I totally agree with the broad thrust of your post, just pointing out that The Lego Movie is the rare example that justifies its use of 3D and CGI where something like Toy Story, another genuinely good 3D CGI film, could quite conceivably have been rendered freehand in golden era 2D style without any great loss, and probably faster and for a smaller budget - it's the script, the characters and the top tier voice actors that make Toy Story good, the CGI was a technical novelty.

You can't render complex mathematically accurate physics in freehand - and I'm not saying I'm certain they did in TLM - and that's okay because 99% of the time you don't need to to tell a story. But if you want a convincing effect of a tidal wave of tiny Lego pieces crashing over a Lego city, a box full of loose pieces being exploded, or a Lego model that accurately models the qualities of the real product then CGI is going to give a "better" result, and faster. I'm not actually sure it would be cheaper though, 3D rendering is notoriously intensive and the credits for that film are vast.

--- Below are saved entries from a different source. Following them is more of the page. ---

End cumulative_integral.

Definition induced_attack {R : realType} (c : R) (g A : R -> R) (th : R) : \bar R :=
  (\int[mu]_rho
     ((\1_[set r | c <= post_abandon g A (A th - th + r)] rho : R) * g rho)%:E)%E.

Section posterior_support.
Context {R : realType} (g A : R -> R) (z : R) (S : set R).
Local Open Scope ereal_scope.

Lemma posterior_eq0 :
  (forall th, S th -> post_weight g A z th = 0%R) -> posterior g A z S = 0%R.
Proof.
move=> w0; rewrite /posterior.
under eq_integral => th /set_mem /w0 -> do [].
by rewrite integral0 /= mul0r.
Qed.

(* The ratio N / N is 0, not 1, when N = 0. *)
Lemma posterior_eq_indicator :
  (forall th, ~ S th -> post_weight g A z th = 0%R) ->
  posterior g A z S = (fine (\int[mu]_(th in S) (post_weight g A z th)%:E) != 0%R)%:R.
Proof.
move=> w0; rewrite /posterior.
have -> : \int[mu]_th (post_weight g A z th)%:E =
          \int[mu]_(th in S) (post_weight g A z th)%:E.
  rewrite [RHS]integral_mkcond; apply: eq_integral => th _; rewrite patchE.
  by case: ifPn => // /negP; rewrite inE => /w0 ->.
by case: eqP => [->|/eqP /divff //]; rewrite mul0r.
Qed.

End posterior_support.

Section threshold_strategy.
Context {R : realType}.

Definition threshold (k : R) (th : R) : R := if th <= k then 1 else 0.

Lemma threshold_inj : injective threshold.
Proof.
move=> k1 k2 eq12; apply/eqP; rewrite eq_le; apply/andP; split; rewrite leNgt.
  have := congr1 (fun A => A k1) eq12; rewrite /threshold lexx.
  by case: ltP => // _ /eqP; rewrite oner_eq0.
have := congr1 (fun A => A k2) eq12; rewrite /threshold lexx.
by case: ltP => // _ /eqP; rewrite eq_sym oner_eq0.
Qed.

Lemma measurable_threshold k : measurable_fun setT (threshold k).
Proof.
have -> : threshold k = \1_`]-oo, k] :> (R -> R).
  by apply/funext => x; rewrite indicE mem_setE in_itv /= /threshold; case: ifP.
exact: measurable_indic.
Qed.

Lemma threshold_abandon_set (k : R) : 0 <= k <= 1 ->
  [set th | th <= threshold k th] = `]-oo, k]%classic.
Proof.
move=> /andP[k0 k1]; apply/seteqP; split => th /=; rewrite in_itv /= /threshold.
  by case: ifP => // /negbT; rewrite -ltNge => kth th0; lra.
by move=> thk; rewrite thk; lra.
Qed.

End threshold_strategy.

Section threshold_equilibrium.
Context {R : realType} {c sigma : R} {g : R -> R}.
Hypotheses (c_gt0 : 0 < c) (c_le1 : c <= 1) (sigma_lt : sigma < 1 / 2).
Hypotheses (mg : measurable_fun setT g) (g_ge0 : forall x, 0 <= g x).
Hypotheses (g_int1 : (\int[mu]_x (g x)%:E = 1)%E)
  (g_out : forall x, sigma < `|x| -> g x = 0).

Let two_sigma_lt1 : sigma + sigma < 1.
Proof. by rewrite -mulr2n -mulr_natr -ltr_pdivlMr. Qed.

Let g_eq0_gt x : sigma < x -> g x = 0.
Proof. by move=> sx; apply: g_out; rewrite ltr_normr sx. Qed.

Let g_eq0_lt x : x < - sigma -> g x = 0.
Proof. by move=> xs; apply: g_out; rewrite ltr_normr ltrNr xs orbT. Qed.

Let g_neq0_bound x : g x != 0 -> - sigma <= x <= sigma.
Proof. by rewrite -ler_norml leNgt; apply: contra => /g_out/eqP. Qed.

Lemma cumul_eq1 y : sigma <= y -> cumul g y = 1%E.
Proof.
move=> sy; rewrite /cumul integral_mkcond -g_int1; apply: eq_integral => x _.
rewrite patchE; case: ifPn => //; rewrite mem_setE in_itv /= -ltNge => yx.
by rewrite g_eq0_gt //; lra.
Qed.

Lemma cumul_eq0 y : y < - sigma -> cumul g y = 0%E.
Proof.
move=> ys; rewrite /cumul -(integral0 mu `]-oo, y]%classic).
apply: eq_integral => x /set_mem; rewrite /= in_itv /= => xy.
by rewrite g_eq0_lt //; lra.
Qed.

Let fin_num_cumul y : cumul g y \is a fin_num.
Proof.
rewrite ge0_fin_numE ?cumul_ge0 //.
by apply: le_lt_trans (cumul_le_integral mg g_ge0 y) _; rewrite g_int1 ltry.
Qed.

Lemma post_abandon_threshold_eq0 (k z : R) : 0 <= k <= 1 -> z + k - 1 < - sigma ->
  post_abandon g (threshold k) z = 0.
Proof.
move=> k01 zk; rewrite /post_abandon threshold_abandon_set //.
apply: posterior_eq0 => th; rewrite /= in_itv /= => thk.
by rewrite /post_weight /threshold thk g_eq0_lt //; lra.
Qed.

Lemma post_abandon_threshold (k z : R) : 0 <= k <= 1 -> sigma <= z + k ->
  post_abandon g (threshold k) z = (cumul g (z + k - 1) != 0%E)%:R.
Proof.
move=> k01 zk; rewrite /post_abandon threshold_abandon_set //.
rewrite posterior_eq_indicator; last first.
  move=> th; rewrite /= in_itv /= => /negP; rewrite -ltNge => kth.
  by rewrite /post_weight /threshold leNgt kth /= g_eq0_gt //; lra.
suff -> : (\int[mu]_(th in `]-oo, k]) (post_weight g (threshold k) z th)%:E)%E =
          cumul g (z + k - 1) by rewrite fine_eq0.
rewrite integral_mkcond /cumul [RHS]integral_mkcond -[RHS](ge0_integral_addr (z - 1)).
- apply: eq_integral => th _; rewrite !patchE !mem_setE !in_itv /=.
  have -> : (th + (z - 1) <= z + k - 1) = (th <= k) by apply/idP/idP; lra.
  case: ifP => // thk; rewrite /post_weight /threshold thk.
  by congr (g _)%:E; lra.
- apply/(measurable_restrictT _ (measurable_itv _)).
  exact/measurable_EFinP/measurable_funTS.
- by move=> x; rewrite patchE; case: ifP; rewrite // lee_fin.
Qed.

Lemma induced_attack_threshold_gt (k th : R) : 0 <= k <= 1 -> k < th ->
  induced_attack c g (threshold k) th = 0%E.
Proof.
move=> k01 kth; rewrite /induced_attack -(integral0 mu setT).
apply: eq_integral => rho _.
have [->|/g_neq0_bound/andP[rho_lo rho_hi]] := eqVneq (g rho) 0; first by rewrite mulr0.
rewrite indicE memNset ?mul0r //= post_abandon_threshold_eq0 //.
  by rewrite leNgt c_gt0.
by have := two_sigma_lt1; rewrite /threshold leNgt kth add0r; lra.
Qed.

Lemma induced_attack_threshold_le (k th : R) : 0 <= k <= 1 -> th <= k ->
  induced_attack c g (threshold k) th = 1%E.
Proof.
move=> k01 thk.
have cumulN1 : cumul g (-1) = 0%E by apply: cumul_eq0; have := two_sigma_lt1; lra.
have cumul_sigma : cumul g sigma != 0%E by rewrite cumul_eq1 // oner_eq0.
have [s cumul0P] := cumul_eq0_halfline mg g_ge0 _ _ cumulN1 cumul_sigma.
transitivity (\int[mu]_(x in `](s - (k - th))%R, +oo[) (g x)%:E)%E; last first.
  have := integral_cumul_split mg g_ge0 (s - (k - th)).
  by rewrite g_int1 (proj2 (cumul0P _)) ?add0e //; lra.
rewrite [RHS]integral_mkcond; apply: eq_integral => rho _.
rewrite patchE mem_setE in_itv /= andbT indicE /threshold thk.
have [->|/g_neq0_bound/andP[rho_lo rho_hi]] := eqVneq (g rho) 0.
  by rewrite mulr0; case: ifP.
have post_eq : post_abandon g (threshold k) (1 - th + rho) =
               (cumul g (rho + (k - th)) != 0%E)%:R.
  rewrite post_abandon_threshold //; last by have := two_sigma_lt1; lra.
  by congr (cumul g _ != 0%E)%:R; lra.
have [cumul_eq0|cumul_neq0] := eqVneq (cumul g (rho + (k - th))) 0%E.
  have le_s := (cumul0P _).1 cumul_eq0.
  rewrite memNset ?mul0r; last by rewrite /= post_eq cumul_eq0 eqxx /= leNgt c_gt0.
  by rewrite ltNge (_ : rho <= s - (k - th)) //; lra.
rewrite mem_set ?mul1r; last by rewrite /= post_eq cumul_neq0.
rewrite ltNge; case: leP => // rho_le; move: cumul_neq0.
by rewrite (cumul0P _).2 ?eqxx //; lra.
Qed.

Lemma equilibrium_threshold (k : R) : 0 <= k <= 1 -> equilibrium c g (threshold k).
Proof.
move=> k01; split; first exact: measurable_threshold.
split => [th|th]; first by rewrite /threshold; case: ifP; lra.
rewrite -[RHS]/(induced_attack c g (threshold k) th).
have [thk|kth] := leP th k.
  by rewrite induced_attack_threshold_le // /threshold thk.
by rewrite induced_attack_threshold_gt // /threshold leNgt kth.
Qed.

End threshold_equilibrium.

Theorem proposition3 (R : realType) (c sigma : R) (g : R -> R) :
  0 < c < 1 ->
  0 < sigma < 1 / 2 ->
  is_density g ->
  (forall x, sigma < `|x| -> g x = 0) ->
  exists F : R -> (R -> R), injective F /\ forall t, equilibrium c g (F t).
Proof.
move=> /andP[c_gt0 c_lt1] /andP[_ sigma_lt] [mg [g_ge0 g_int1]] g_out.
exists (fun t => threshold (1 + expR t)^-1); split.
  by move=> t1 t2 /threshold_inj /invr_inj /addrI /expR_inj.
move=> t; apply: (equilibrium_threshold c_gt0 (ltW c_lt1) sigma_lt mg g_ge0 g_int1 g_out).
have expR_pos : 0 < 1 + expR t by rewrite addr_gt0 ?expR_gt0.
by rewrite invr_ge0 ltW //= invf_le1 // lerDl expR_ge0.
Qed.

A talented artist certainly could draw something that looks like a lot of Lego pieces interacting, but the emphasis is on like. CGI will be more immersive for that use even if perhaps it's less graphically expressive in its line-work and frame advances. A hand drawn Lego Movie would give you the "what if you could draw Lego coming to life" feeling where CGI is that much closer to "what if Lego could come to life". The artificial plastic-ness of Lego is an ideal match for the blandness of CGI where something like The Jungle Book or Lion King remakes will fall into the uncanny valley by trying to make singing animals look realistic (I assume, I haven't watched either of them).

In short putting aside cost, speed and effort I think The Lego Movie really would be at the very best no better if it was made without CGI.